Joe Biden acknowledged a few days ago that China, not Russia, is his number one concern; the biggest nuisance for the United States in a long-term perspective. Now that headache is with him at the Summit of the Americas in Los Angeles, which he is hosting. The US president, already in a hurry due to the absence of eight of the 30 invited heads of state and government, in protest at the exclusion of Cuba, Venezuela and Nicaragua, yesterday launched a strategy for the recovery of investment and commercial positions in the area. The goal is to offset the energetic expansion of the eastern giant in a South America that is increasingly China’s western vein and less and less America’s backyard.
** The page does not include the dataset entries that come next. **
Definition pg2_incident (F : finFieldType) (P : {set 'rV[F]_3}) (l : 'cV[F]_3) : bool :=
  [forall v in P, v *m l == 0].

Definition pg2_tfold_blocking_set (F : finFieldType) (t : nat)
    (B : {set {set 'rV[F]_3}}) : Prop :=
  (forall P, P \in B -> pg2_point P) /\
  (forall l : 'cV[F]_3, l != 0 -> (t <= #|[set P in B | pg2_incident P l]|)%N).

(* Let s be the least prime factor of n and r = p ^ (n / s), so that q = r ^ s and
   q ^ ((s - 1) / s) = q / r; let K = GF(r) be the subfield of F = GF(q) and T : F -> K
   the trace.  If f is a K-linear injection of F x K into F^3, the points spanned
   by its nonzero values form a blocking set: a line is a linear form F^3 -> F, and since
   F x K has r q > q elements the form vanishes on some nonzero f (x, c).  Normalising
   c = 1, or c = 0 and T x = 1, or c = 0 and T x = 0, shows that there are at most
   q + q / r + 1 such points.  Take for f a Redei-type map (x, c) |-> (x + d nu c, T x + be c, c)
   and let rot be the linear map (y1, y2, y3) |-> (mu y3, y1 / nu, y2), whose cube is scalar.
   For suitable parameters be, nu, d, mu (mu is found by counting trace fibres) the images
   of the set under rot ^+ 0, rot ^+ 1, rot ^+ 2 are pairwise disjoint, so the union of the
   first t of them is a t-fold blocking set with at most t (q + q / r + 1) points; adding
   further points gives one of exactly that size. *)

From HB Require Import structures.
From mathcomp Require Import all_boot all_order all_algebra all_field.
From mathcomp Require Import zify ring.
Set Implicit Arguments. Unset Strict Implicit. Unset Printing Implicit Defensive.
Import GRing.Theory.
Local Open Scope ring_scope.

Lemma exists_subset_card (T : finType) (A S : {set T}) (N : nat) :
  A \subset S -> (#|A| <= N <= #|S|)%N ->
  exists B : {set T}, [/\ A \subset B, B \subset S & #|B| = N].
Proof.
move=> sAS /andP[leAN leNS].
pose C := [set x in take (N - #|A|) (enum (S :\: A))].
have /subsetDP[sCS disCA] : C \subset S :\: A.
  by apply/subsetP => x; rewrite inE => /mem_take; rewrite mem_enum.
have cardC : #|C| = (N - #|A|)%N.
  rewrite cardsE (card_uniqP _) ?take_uniq ?enum_uniq // size_take -cardE.
  by rewrite cardsD (setIidPr sAS); case: ltnP => //; lia.
exists (A :|: C); split; [exact: subsetUl | by rewrite subUset sAS sCS |].
have /eqP-> : #|A :|: C| == (#|A| + #|C|)%N.
  by rewrite (leq_card_setU A C).2 disjoint_sym.
by rewrite cardC; lia.
Qed.

Lemma card_roots (R : finIdomainType) (p : {poly R}) :
  p != 0 -> (#|[pred x | root p x]| < size p)%N.
Proof.
move=> nz_p; rewrite cardE; apply: max_poly_roots => //; last exact: enum_uniq.
by apply/allP => x; rewrite mem_enum.
Qed.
Not counting Mexico, whose trade agreement with its northern neighbor makes it an important and priority partner, Latin America as a whole has traded more with China than with the US for a few years. And the gap, opened in 2018 under the presidency of Donald Trump, has not stopped widening with Biden at the helm.
According to a report published yesterday by Reuters, the total trade flows (imports and exports) between China and Latin America, with the aforementioned exclusion of Mexico, totaled almost 247,000 million dollars last year compared to 174,000 million with the US.
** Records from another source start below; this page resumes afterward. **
Lemma grad_two_point z w i j : i != j ->
  grad z w [:: i; j] = emb (N (z i) `^ (p - 2)) * ip (w i) (z i)
                     + emb (N (z j) `^ (p - 2)) * ip (w j) (z j).
Proof. by move=> ij; rewrite /grad big_cons big_seq1. Qed.

Section TwoPoint.
Variables (x : nat -> V) (i j : nat) (v : V) (mu : R).
Hypotheses (ij : i != j) (ai : x i != 0) (bj : x j != 0) (va : ip v (x i) = 0).
Let y := two_point i j (x i + v) (emb (- mu) *: x j).

Lemma grad_to_two_point :
  grad x y [:: i; j] = emb (N (x i) `^ p - mu * N (x j) `^ p).
Proof.
rewrite /y grad_two_point // two_point_fst two_point_snd // ipDl va addr0 ipZl.
rewrite (ipxx_real (x i)) (ipxx_real (x j)) -!sqr_ipnorm -!rmorphM -rmorphD.
by rewrite !powR_mul_sqr ?ipnorm_gt0 // mulrCA powR_mul_sqr ?ipnorm_gt0 // mulNr.
Qed.

Lemma grad_from_two_point : 0 < mu ->
  grad y x [:: i; j] = emb (N (x i + v) `^ (p - 2) * N (x i) ^+ 2 - mu `^ (p - 1) * N (x j) `^ p).
Proof.
move=> mu0; have be0 := ipnorm_gt0 bj.
rewrite /y grad_two_point // two_point_fst two_point_snd //.
rewrite ipDr [ip _ v]ipC va rmorph0 addr0 ipZr cj_emb (ipxx_real (x i)) (ipxx_real (x j)).
rewrite ipnormZ absK_emb normrN gtr0_norm // powRM ?(ltW mu0) ?ipnorm_ge0 //.
rewrite -!sqr_ipnorm -!rmorphM -rmorphD; apply: congr1.
rewrite -(@powR_mul_self _ mu p mu0) -(@powR_mul_sqr _ (N (x j)) p be0).
ring.
Qed.

End TwoPoint.

Lemma not_symmetric_of_two_nonzero x i j : p != 2 -> dim_ge2 V -> i != j ->
  x i != 0 -> x j != 0 -> in_lp re ip p x ->
  ~ left_symmetric re ip p x /\ ~ right_symmetric re ip p x.
Proof.
move=> p2 dim ij ai bj xp.
have us : uniq [:: i; j] by rewrite /= inE ij.
have xnz : {in [:: i; j], forall k, x k != 0} by move=> k; rewrite !inE => /orP[] /eqP ->.
have al0 := ipnorm_gt0 ai; have be0 := ipnorm_gt0 bj.
move: al0 be0; set al := N (x i); set be := N (x j) => al0 be0.
set c := al `^ p / be `^ p; have c0 : 0 < c by rewrite divr_gt0 ?powR_gt0.
(* [grad x (y mu)] vanishes iff mu = c, and [grad (y mu) x] iff
   sg * al ^+ 2 = mu `^ (p - 1) * be `^ p; v makes these incompatible. *)
have [v va] := exists_orthogonal_avoiding (c `^ (p - 1) * be `^ p / al ^+ 2) p2 dim ai.
have av0 : 0 < N (x i + v).
  by rewrite sqrtr_gt0 re_ipxx_pyth // (lt_le_trans (re_ipxx_gt0 ai)) // lerDl re_ipxx_ge0.
move: av0; set sg := N (x i + v) `^ (p - 2) => av0 sgc.
pose y mu := two_point i j (x i + v) (emb (- mu) *: x j).
have ysupp mu := @two_point_supp i j (x i + v) (emb (- mu) *: x j).
have ynz mu : 0 < mu -> {in [:: i; j], forall k, y mu k != 0}.
  move=> mu0 k; rewrite !inE => /orP[] /eqP ->; rewrite /y ?two_point_fst ?two_point_snd //.
    by apply: contraTneq av0 => ->; rewrite ipnorm0 ltxx.
  by rewrite scaler_eq0 fmorph_eq0 oppr_eq0 negb_or gt_eqF.
split.
  apply: (not_left_symmetric_of us (ysupp c) xp (ynz c c0)).
    by rewrite grad_to_two_point // /c divfK ?subrr ?rmorph0 // gt_eqF // powR_gt0.
  rewrite grad_from_two_point // re_emb subr_eq0; apply: contra_neq sgc => <-.
  by rewrite mulfK // expf_neq0 // gt_eqF.
set mu := (sg * al ^+ 2 / be `^ p) `^ (p - 1)^-1.
have base0 : 0 < sg * al ^+ 2 / be `^ p by rewrite divr_gt0 ?mulr_gt0 ?exprn_gt0 ?powR_gt0.
have mu0 : 0 < mu by rewrite powR_gt0.
have mup : mu `^ (p - 1) = sg * al ^+ 2 / be `^ p.
  by rewrite -powRrM mulVf ?powRr1 ?ltW // subr_eq0 gt_eqF.
apply: (not_right_symmetric_of us (ysupp mu) xp xnz).
  by rewrite grad_from_two_point // mup divfK ?subrr ?rmorph0 // gt_eqF // powR_gt0.
rewrite grad_to_two_point // re_emb subr_eq0; apply: contra_neq sgc => al_eq.
have muc : mu = c by rewrite /c al_eq mulfK // gt_eqF // powR_gt0.
by rewrite -muc mup divfK ?mulfK // ?gt_eqF ?powR_gt0 ?exprn_gt0.
Qed.

Lemma not_single_supported_two_nonzero x : ~ @single_supported _ V x ->
  exists i j, [/\ i != j, x i != 0 & x j != 0].
Proof.
move=> ns; have [[n xn]|x0] := pselect (exists n, x n != 0); last first.
  case: ns; exists 0%N, (x 0%N); split=> // k _.
  by have [//|xk] := eqVneq (x k) 0; case: x0; exists k.
have [[j [jn xj]]|nj] := pselect (exists j, j != n /\ x j != 0).
  by exists n, j; rewrite eq_sym.
case: ns; exists n, (x n); split=> // k /eqP kn.
by have [//|xk] := eqVneq (x k) 0; case: nj; exists k.
Qed.

Lemma symmetric_iff_single_supported x : p != 2 -> dim_ge2 V -> in_lp re ip p x ->
  (left_symmetric re ip p x <-> @single_supported _ V x) /\
  (right_symmetric re ip p x <-> @single_supported _ V x).
Proof.
move=> p2 dim xp; have [ss|ns] := pselect (@single_supported _ V x).
  have [n [_ [_ x0]]] := ss; have {}x0 k : k != n -> x k = 0 by move/eqP; apply: x0.
  split; split=> // _.
    exact: single_supported_left_symmetric x0 xp.
  exact: single_supported_right_symmetric x0 xp.
have [i [j [ij ai bj]]] := not_single_supported_two_nonzero ns.
have [nl nr] := not_symmetric_of_two_nonzero p2 dim ij ai bj xp.
by split; split=> H; [case: (nl H) | case: (ns H) | case: (nr H) | case: (ns H)].
Qed.

End InnerProductSpace.

Lemma cor318_for_scalar (V : lmodType K) : cor318_for re cj V.
Proof.
move=> ip [ipH _] dim p p1 p2 x xp.
exact: symmetric_iff_single_supported.
Qed.

End Scalars.

Theorem corollary3p18 (R : realType) :
  (forall V : lmodType R, cor318_for (@id R) (@id R) V) /\
  (forall V : lmodType (complex.complex R),
      cor318_for (@complex.Re R) (@complex.conjc R) V).
Proof.
split=> V.
  apply: (@cor318_for_scalar R R idfun idfun idfun) => // [a|a /eqP].
    by rewrite /= -expr2 sqr_ge0.
  by rewrite mulf_eq0 orbb => /eqP.
apply: (@cor318_for_scalar R _ (real_complex R) (@conjc R) (@complex.Re R)).
- by move=> r [a1 a2] /=; rewrite mul0r subr0.
- by [].
- by move=> r /=; rewrite oppr0.
- by move=> [].
- by move=> [a1 a2] /=; nra.
- move=> [a1 a2] /= h.
  have a10 : a1 = 0 by nra.
  have a20 : a2 = 0 by nra.
  by rewrite a10 a20.
- by move=> [a1 a2] [] a2E; have -> : a2 = 0 by lra.
Qed.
A previous report, the one that the Center for Strategic and International Studies (CSIS) presented to the US Senate on March 31, indicates that Chinese trade with all of Latin America – this time including Mexico – amounted to 314,000 million in 2020, which multiplies “by more than 17” the amount of the year 2001, when the eastern power was accepted in the World Trade Organization.
“Only in terms of trade, the People’s Republic of China is now the number one partner of all the countries south of Costa Rica, or number two behind Brazil,” adds the CSIS report.
When the enormous trade flow between Mexico and the US is included (607,000 million compared to 110,000 with China), the Western power maintains its leadership. But the trend in the region is the opposite; in the rest of Latin America, Chinese products are gaining ground. And importers from Beijing are the big buyers of soybeans, corn and copper produced in the region.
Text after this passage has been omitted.